Material provided START

Lemma subdiag_Sout_apart f : subdiag S f -> f != d -> ~~ crosses d f ->
  ~~ ((lo d <= lo f) && (hi f <= hi d)) -> subdiag Sout f.
Proof.
move=> /and4P[loS hiS /exists_inP[x xS x_in] /exists_inP[z zS z_out]] /diag_ends_neq fd.
rewrite crossesE /interleave => ndf nnest.
have [f_lt _ _] := diag_ends f; have [d_lt _ _] := diag_ends d.
have /and4P[loS_d hiS_d _ _] := subdiag_d.
apply/and4P; split; rewrite ?inE ?loS ?hiS /=; try lia; apply/exists_inP.
  case: (boolP ((hi f <= lo d) || (hi d <= lo f))) => apart.
    by exists x => //; rewrite inE xS /=; lia.
  case: (ltnP (lo f) (lo d)) => flo.
    by exists (lo d); [rewrite inE loS_d /= | ]; lia.
  by exists (hi d); [rewrite inE hiS_d /= | ]; lia.
case: (leqP (hi f) (lo d)) => fhi.
  by exists (hi d); [rewrite inE hiS_d /= | ]; lia.
case: (leqP (hi d) (lo f)) => flo.
  by exists (lo d); [rewrite inE loS_d /= | ]; lia.
by exists z => //; rewrite inE zS /=; lia.
Qed.

Lemma subdiag_split f : f \in T -> f != d -> subdiag Sin f || subdiag Sout f.
Proof.
case: ST => sub ncT _ fT fd.
case: (boolP ((lo d <= lo f) && (hi f <= hi d))) => [/andP[dlo dhi] | nnest].
  by rewrite (subdiag_Sin_nested (sub _ fT) fd dlo dhi).
have ndf : ~~ crosses d f by move/noncrossingP: ncT; apply.
by rewrite (subdiag_Sout_apart (sub _ fT) fd ndf nnest) orbT.
Qed.

Lemma T_split : T = d |: (Tin :|: Tout).
Proof.
apply/setP => f; rewrite !inE; case: (eqVneq f d) => [-> | fd] /=; first by rewrite dT.
apply/idP/idP => [fT | /orP[] /andP[] //].
by case/orP: (subdiag_split fT fd) => ->; rewrite fT ?orbT.
Qed.

Lemma card_T_split : #|T| = (#|Tin| + #|Tout|).+1.
Proof.
rewrite {1}T_split cardsU1 cardsU.
have -> : Tin :&: Tout = set0.
  apply/setP => f; rewrite !inE; apply/negP => /andP[/andP[_ fin] /andP[_ fout]].
  by move: fout; rewrite (negPf (subdiag_Sin_Sout fin)).
by rewrite cards0 subn0 !inE (negPf subdiag_Sin_d) (negPf subdiag_Sout_d) !andbF.
Qed.

Lemma card_S_split : #|Sin| + #|Sout| = #|S| + 2.
Proof.
have /and4P[loS hiS _ _] := subdiag_d; have [d_lt _ _] := diag_ends d.
rewrite -cardsUI.
have -> : Sin :|: Sout = S by apply/setP => x; rewrite !inE; case: (x \in S) => /=; lia.
have -> : Sin :&: Sout = [set lo d; hi d].
  apply/setP => x; rewrite !inE; case: (boolP (x \in S)) => xS /=.
    by rewrite -!val_eqE /=; lia.
  by apply/esym/negP => /orP[] /eqP xd; move: xS; rewrite xd ?loS ?hiS.
by rewrite cards2 -val_eqE /=; have -> : (lo d == hi d :> nat) = false by lia.
Qed.

Lemma Sin_gt2 : 2 < #|Sin|.
Proof.
have /and4P[loS hiS /exists_inP[x xS x_in] _] := subdiag_d.
by apply: (@card3_le _ _ (lo d) x (hi d)); rewrite ?inE ?loS ?hiS ?xS -?val_eqE /=; lia.
Qed.

Lemma Sout_gt2 : 2 < #|Sout|.
Proof.
have /and4P[loS hiS _ /exists_inP[z zS z_out]] := subdiag_d.
have [d_lt _ _] := diag_ends d.
by apply: (@card3_le _ _ (lo d) z (hi d)); rewrite ?inE ?loS ?hiS ?zS -?val_eqE /=; lia.
Qed.

Lemma noncrossing_split g : ~~ crosses g d ->
  {in Tin :|: Tout, forall f, ~~ crosses g f} -> noncrossing (g |: T).
Proof.
case: ST => _ ncT _ ngd ngf; rewrite noncrossingU1 ncT; apply/forall_inP => f.
by rewrite {1}T_split => /setU1P[-> | /ngf].
Qed.

Lemma triangulates_Sin : triangulates Sin Tin.
Proof.
case: ST => _ ncT maxT; split.
- by move=> f; rewrite inE => /andP[].
- by apply: noncrossingS ncT; apply/subsetP => f; rewrite inE => /andP[].
move=> g gin; rewrite noncrossingU1 => /andP[_ /forall_inP ngf].
rewrite inE gin andbT; apply: maxT.
  by apply: subdiagS gin; apply/subsetP => x; rewrite inE => /andP[].
have /subdiag_Sin_ends := gin; have [g_lt _ _] := diag_ends g => gnest.
apply: noncrossing_split; first by rewrite crossesE /interleave; lia.
move=> f; rewrite inE => /orP[/ngf // | ]; rewrite inE => /andP[_ /subdiag_Sout_ends].
by have [f_lt _ _] := diag_ends f; rewrite crossesE /interleave; lia.
Qed.

Lemma triangulates_Sout : triangulates Sout Tout.
Proof.
case: ST => _ ncT maxT; split.
- by move=> f; rewrite inE => /andP[].
- by apply: noncrossingS ncT; apply/subsetP => f; rewrite inE => /andP[].
move=> g gout; rewrite noncrossingU1 => /andP[_ /forall_inP ngf].
rewrite inE gout andbT; apply: maxT.
  by apply: subdiagS gout; apply/subsetP => x; rewrite inE => /andP[].
have /subdiag_Sout_ends := gout; have [g_lt _ _] := diag_ends g => gapart.
have [d_lt _ _] := diag_ends d.
apply: noncrossing_split; first by rewrite crossesE /interleave; lia.
move=> f; rewrite inE => /orP[ | /ngf //]; rewrite inE => /andP[_ /subdiag_Sin_ends].
by have [f_lt _ _] := diag_ends f; rewrite crossesE /interleave; lia.
Qed.
End Split.

Lemma card_triangulates S T : 2 < #|S| -> triangulates S T -> #|T| = #|S| - 3.
Proof.
have [k] := ubnP #|S|; elim: k S T => // k IH S T S_lt S_gt2 ST.
have [T0 | [d dT]] := set_0Vmem T.
  rewrite T0 cards0; case: (leqP #|S| 3) => S_gt3; first lia.
  have [g gS] := subdiag_exists S_gt3.
  case: ST => _ _ maxT; suff : g \in T by rewrite T0 inE.
  apply: maxT => //; rewrite T0 setU0; apply/noncrossingP => e f.
  by rewrite !inE => /eqP-> /eqP->; rewrite crossesxx.
have S_io := card_S_split ST dT; have T_io := card_T_split ST dT.
have in_gt2 := Sin_gt2 ST dT; have out_gt2 := Sout_gt2 ST dT.
have := IH (Sin S d) (Tin S T d) ltac:(lia) in_gt2 (triangulates_Sin ST dT).
have := IH (Sout S d) (Tout S T d) ltac:(lia) out_gt2 (triangulates_Sout ST dT).
lia.
Qed.

Lemma card_triangulation T : 2 < n -> triangulation T -> #|T| = n - 3.
Proof.
move=> n_gt2 /andP[ncT /forallP maxT]; rewrite -[n in n - 3]card_ord -cardsT.
apply: card_triangulates; first by rewrite cardsT card_ord.
split=> // [f _ | g _ ncg]; first exact: subdiag_setT.
by have /implyP := maxT g; apply.
Qed.
End SubPolygons.

Lemma subset_chain_min (T : finType) (A : {set {set T}}) : A != set0 ->
  {in A &, forall D E : {set T}, (D \subset E) || (E \subset D)} ->
  exists2 D0, D0 \in A & {in A, forall E : {set T}, D0 \subset E}.
Proof.
case/set0Pn => X XA chainA.
case: (arg_minnP (fun D : {set T} => #|D|) XA) => D0 D0A minD0.
exists D0 => // E EA; case/orP: (chainA _ _ D0A EA) => // sED0.
by rewrite (eqP _ : D0 = E) // eq_sym eqEcard sED0 minD0.
Qed.

Local Open Scope ring_scope.

Lemma sum_erase (V : nmodType) (I : finType) (F : I -> V) i0 :
  \sum_i F i = F i0 + \sum_i (if i == i0 then 0 else F i).
Proof.
rewrite (bigD1 i0) // [X in _ = _ + X](bigD1 i0) //= eqxx add0r.
by congr (_ + _); apply: eq_bigr => i /negPf->.
Qed.

Section Barycenters.
Variables (R : realFieldType) (n : nat).
Hypothesis n_ge4 : (4 <= n)%N.
Implicit Types (d e : diagonal n) (D E T : {set diagonal n}).
Implicit Types (w : {set diagonal n} -> R).

Local Notation peak := ((n - 3)%N%:R^-1 : R).

Definition tris D := [set T : {set diagonal n} | triangulation T && (D \subset T)].

Lemma PhiE D d : Phi R D d = #|tris D|%:R^-1 * \sum_(T in tris D) PhiT R T d.
Proof. by rewrite /Phi; congr (_ * _); apply: eq_bigl => T; rewrite inE. Qed.

Lemma peak_gt0 : 0 < peak.
Proof. by rewrite invr_gt0 ltr0n subn_gt0. Qed.

Lemma PhiT_ge0 T d : 0 <= PhiT R T d.
Proof. by rewrite /PhiT; case: ifP => // _; apply: ltW peak_gt0. Qed.

Lemma PhiT_le T d : PhiT R T d <= peak.
Proof. by rewrite /PhiT; case: ifP => // _; apply: ltW peak_gt0. Qed.

Lemma card_tris_gt0 D : noncrossing D -> (0 < #|tris D|)%N.
Proof.
by case/triangulation_ext => T triT sDT; apply/card_gt0P; exists T; rewrite inE triT.
Qed.

Lemma Phi_ge0 D d : 0 <= Phi R D d.
Proof.
by rewrite PhiE mulr_ge0 ?invr_ge0 ?ler0n ?sumr_ge0 // => T _; apply: PhiT_ge0.
Qed.

Lemma Phi_le D d : noncrossing D -> Phi R D d <= peak.
Proof.
move=> ncD; rewrite PhiE ler_pdivrMl ?ltr0n ?card_tris_gt0 //.
by rewrite mulr_natl -sumr_const; apply: ler_sum => T _; apply: PhiT_le.
Qed.

Lemma Phi_mem D d : noncrossing D -> d \in D -> Phi R D d = peak.
Proof.
move=> ncD dD; rewrite PhiE (eq_bigr (fun=> peak)); last first.
  by move=> T; rewrite inE /PhiT => /andP[_ /subsetP->].
by rewrite sumr_const -[peak *+ _]mulr_natl mulKf // pnatr_eq0 -lt0n card_tris_gt0.
Qed.

Lemma Phi_eq0 D d : ~~ noncrossing (d |: D) -> Phi R D d = 0.
Proof.
move=> nc_dD; rewrite PhiE big1 ?mulr0 // => T; rewrite inE => /andP[/andP[ncT _] sDT].
rewrite /PhiT; case: ifP => // dT; move: nc_dD; apply: contraNeq => _.
by apply: noncrossingS ncT; rewrite subUset sub1set dT.
Qed.

Lemma Phi_gt0 D d : noncrossing (d |: D) -> 0 < Phi R D d.
Proof.
move=> nc_dD; have [T triT sdDT] := triangulation_ext nc_dD.
have ncD : noncrossing D by apply: noncrossingS nc_dD; apply: subsetUr.
have T_D : T \in tris D by rewrite inE triT (subset_trans _ sdDT) ?subsetUr.
rewrite PhiE mulr_gt0 ?invr_gt0 ?ltr0n ?card_tris_gt0 // (bigD1 T) //=.
rewrite ltr_pwDl ?sumr_ge0 // => [|T' _]; last exact: PhiT_ge0.
by rewrite /PhiT (subsetP sdDT) ?setU11 ?peak_gt0.
Qed.

Lemma tris_avoiding D d : noncrossing D -> d \notin D ->
  exists2 T, T \in tris D & d \notin T.
Proof.
move=> ncD dD; case: (boolP (noncrossing (d |: D))) => nc_dD.
  have [e de nc_eD] := flip_exists nc_dD dD.
  have [T triT seDT] := triangulation_ext nc_eD.
  exists T; first by rewrite inE triT (subset_trans _ seDT) ?subsetUr.
  apply/negP => dT; case/andP: triT => /noncrossingP ncT _.
  by move: de; rewrite (negPf (ncT d e dT (subsetP seDT e (setU11 e D)))).
have [T triT sDT] := triangulation_ext ncD.
exists T; first by rewrite inE triT.
apply: contra nc_dD => dT; case/andP: triT => ncT _.
by apply: noncrossingS ncT; rewrite subUset sub1set dT.
Qed.

Lemma Phi_lt D d : noncrossing D -> d \notin D -> Phi R D d < peak.
Proof.
move=> ncD dD; have [T0 T0D dT0] := tris_avoiding ncD dD.
rewrite PhiE ltr_pdivrMl ?ltr0n ?card_tris_gt0 // (cardsD1 T0) T0D natrD mulrDl mul1r.
rewrite (bigD1 T0) //= {1}/PhiT (negPf dT0) add0r addrC ltr_pwDr ?peak_gt0 //.
rewrite (eq_bigl (mem (tris D :\ T0))); last by move=> T; rewrite !inE andbC.
by rewrite mulr_natl -sumr_const; apply: ler_sum => T _; apply: PhiT_le.
Qed.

Material provided END

- [Problem to solve]:
In the listing above, locate the line containing "case: (boolP ((lo" and the line containing "have /and4P[loS hiS /exists_inP[x", then transcribe both and every line between them verbatim.

- [Response]:
case: (boolP ((lo d <= lo f) && (hi f <= hi d))) => [/andP[dlo dhi] | nnest].
  by rewrite (subdiag_Sin_nested (sub _ fT) fd dlo dhi).
have ndf : ~~ crosses d f by move/noncrossingP: ncT; apply.
by rewrite (subdiag_Sout_apart (sub _ fT) fd ndf nnest) orbT.
Qed.

Lemma T_split : T = d |: (Tin :|: Tout).
Proof.
apply/setP => f; rewrite !inE; case: (eqVneq f d) => [-> | fd] /=; first by rewrite dT.
apply/idP/idP => [fT | /orP[] /andP[] //].
by case/orP: (subdiag_split fT fd) => ->; rewrite fT ?orbT.
Qed.

Lemma card_T_split : #|T| = (#|Tin| + #|Tout|).+1.
Proof.
rewrite {1}T_split cardsU1 cardsU.
have -> : Tin :&: Tout = set0.
  apply/setP => f; rewrite !inE; apply/negP => /andP[/andP[_ fin] /andP[_ fout]].
  by move: fout; rewrite (negPf (subdiag_Sin_Sout fin)).
by rewrite cards0 subn0 !inE (negPf subdiag_Sin_d) (negPf subdiag_Sout_d) !andbF.
Qed.

Lemma card_S_split : #|Sin| + #|Sout| = #|S| + 2.
Proof.
have /and4P[loS hiS _ _] := subdiag_d; have [d_lt _ _] := diag_ends d.
rewrite -cardsUI.
have -> : Sin :|: Sout = S by apply/setP => x; rewrite !inE; case: (x \in S) => /=; lia.
have -> : Sin :&: Sout = [set lo d; hi d].
  apply/setP => x; rewrite !inE; case: (boolP (x \in S)) => xS /=.
    by rewrite -!val_eqE /=; lia.
  by apply/esym/negP => /orP[] /eqP xd; move: xS; rewrite xd ?loS ?hiS.
by rewrite cards2 -val_eqE /=; have -> : (lo d == hi d :> nat) = false by lia.
Qed.

Lemma Sin_gt2 : 2 < #|Sin|.
Proof.
have /and4P[loS hiS /exists_inP[x xS x_in] _] := subdiag_d.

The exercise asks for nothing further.